The loss was partly driven by “discontinued operations,” Cazoo said in a news release. Recent months have seen the company shift its focus to its home country, which meant selling its subscription business in Germany and abandoning plans to expand into Spain and Italy.
“During the year we made a number of important strategic decisions to change gear from fast-paced growth to focus on improving our unit economics in the near term,” founder and CEO Alex Chesterman said in the release.
He added that he was “very encouraged by the pace of the team’s delivery in rightsizing our headcount and operational footprint which we have now completed in order to drive higher margins going forward.”
Cazoo reported revenue of 1.25 billion pounds ($1.5 billion), a 91% increase from last year, with the number of vehicles sold in the U.K. increasing by 88%. The company said it is on track to reach profitability without needing outside funding until the second half of next year.
Last month, Cazoo sold its German subscription business Cluno, a move that came after the company closed down operations in the rest of Europe.
“Given our target of reaching profitability by the end of next year, we have taken the tough decision to focus solely on the huge UK used car market, worth over £100bn+ annually,” Chesterman said last year.
Chesterman is due to step down as chief executive next month, with Paul Whitehead, Cazoo’s chief operating officer, taking his place.
The company’s stock is down 96% over the past year, with a market cap of $223 million, a sharp decline from the $7 billion the company enjoyed when it went public.
Cazoo is far from the only used car company struggling these days, as inflation forces consumers to rethink major purchases such as cars.
Carvana — which saw its unit sales and revenue fall more than 20% in the last quarter of 2022 — announced last month it expects declines to continue in its first quarter, if not beyond then.

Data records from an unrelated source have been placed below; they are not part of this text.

Lemma bonded_refines x y : point_set lp x -> point_set lp y ->
  same_cluster C x y -> same_block3 B1 B2 B3 x y.
Proof.
  intros Dx Dy Sxy.
  destruct (point_set_inv Dx) as ([sx tx] & Hx & ->), (point_set_inv Dy) as ([sy ty] & Hy & ->).
  destruct (Bool.bool_dec sx sy) as [<-|Ns].
  2: { exfalso. exact (nice_separates_sides Hv Hk Hn Hx Hy Ns Sxy). }
  destruct (Bool.bool_dec sx U) as [->|Nx]; [left; split; eexists; eauto|].
  replace sx with (negb U) in * by (destruct sx, U; simpl; congruence).
  destruct (label_eq_dec tx LO) as [->|Ntx], (label_eq_dec ty LO) as [->|Nty].
  - right; left; split; reflexivity.
  - exfalso; exact (bonded_other_origin_alone Hy Nty Sxy).
  - exfalso; exact (bonded_other_origin_alone Hx Ntx (same_cluster_sym Sxy)).
  - right; right; split; eexists; eauto.
Qed.

End Refinement.

Lemma bonded_unique_nice_witnessed : exists C,
  unique_nice_k_clustering d (point_set lp) 3 C /\
  (forall t, In (U, t) lp -> same_cluster C (pt (U, LO)) (pt (U, t))) /\
  (forall t, In (negb U, t) lp -> t <> LO ->
     ~ same_cluster C (pt (negb U, LO)) (pt (negb U, t))).
Proof.
  exists (blocks3 B1 B2 B3); split; [|split].
  - apply blocks3_unique_nice; [exact bonded_partition|exact bonded_blocks_nice|].
    intros C' Hk' Hn'; apply bonded_refines; auto.
  - intros t Ht. apply same_cluster_blocks3. left; split; eexists; eauto.
  - intros t Ht Nt. rewrite same_cluster_blocks3.
    assert (Hinj : forall p q, In p lp -> In q lp -> pt p = pt q -> p = q)
      by (intros p q Hp Hq; apply pt_inj; auto).
    intros [[(t1 & H1 & E1) _]|[[_ E]|[(t1 & H1 & N1 & E1) _]]];
      [apply Hinj in E1|apply Hinj in E|apply Hinj in E1]; auto; try congruence.
    destruct U; discriminate.
Qed.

“We expect our weekly retail unit sales volume to stabilize relative to the declines we saw in the second half of 2022 as the seasonal headwinds we faced at that time transition to seasonal tailwinds,” founder and CEO Ernie Garcia told analysts in February.
He said Carvana plans to cut another $100 million of expenses over the next two quarters, bringing the total reductions to upwards of $1 billion since the beginning of last year.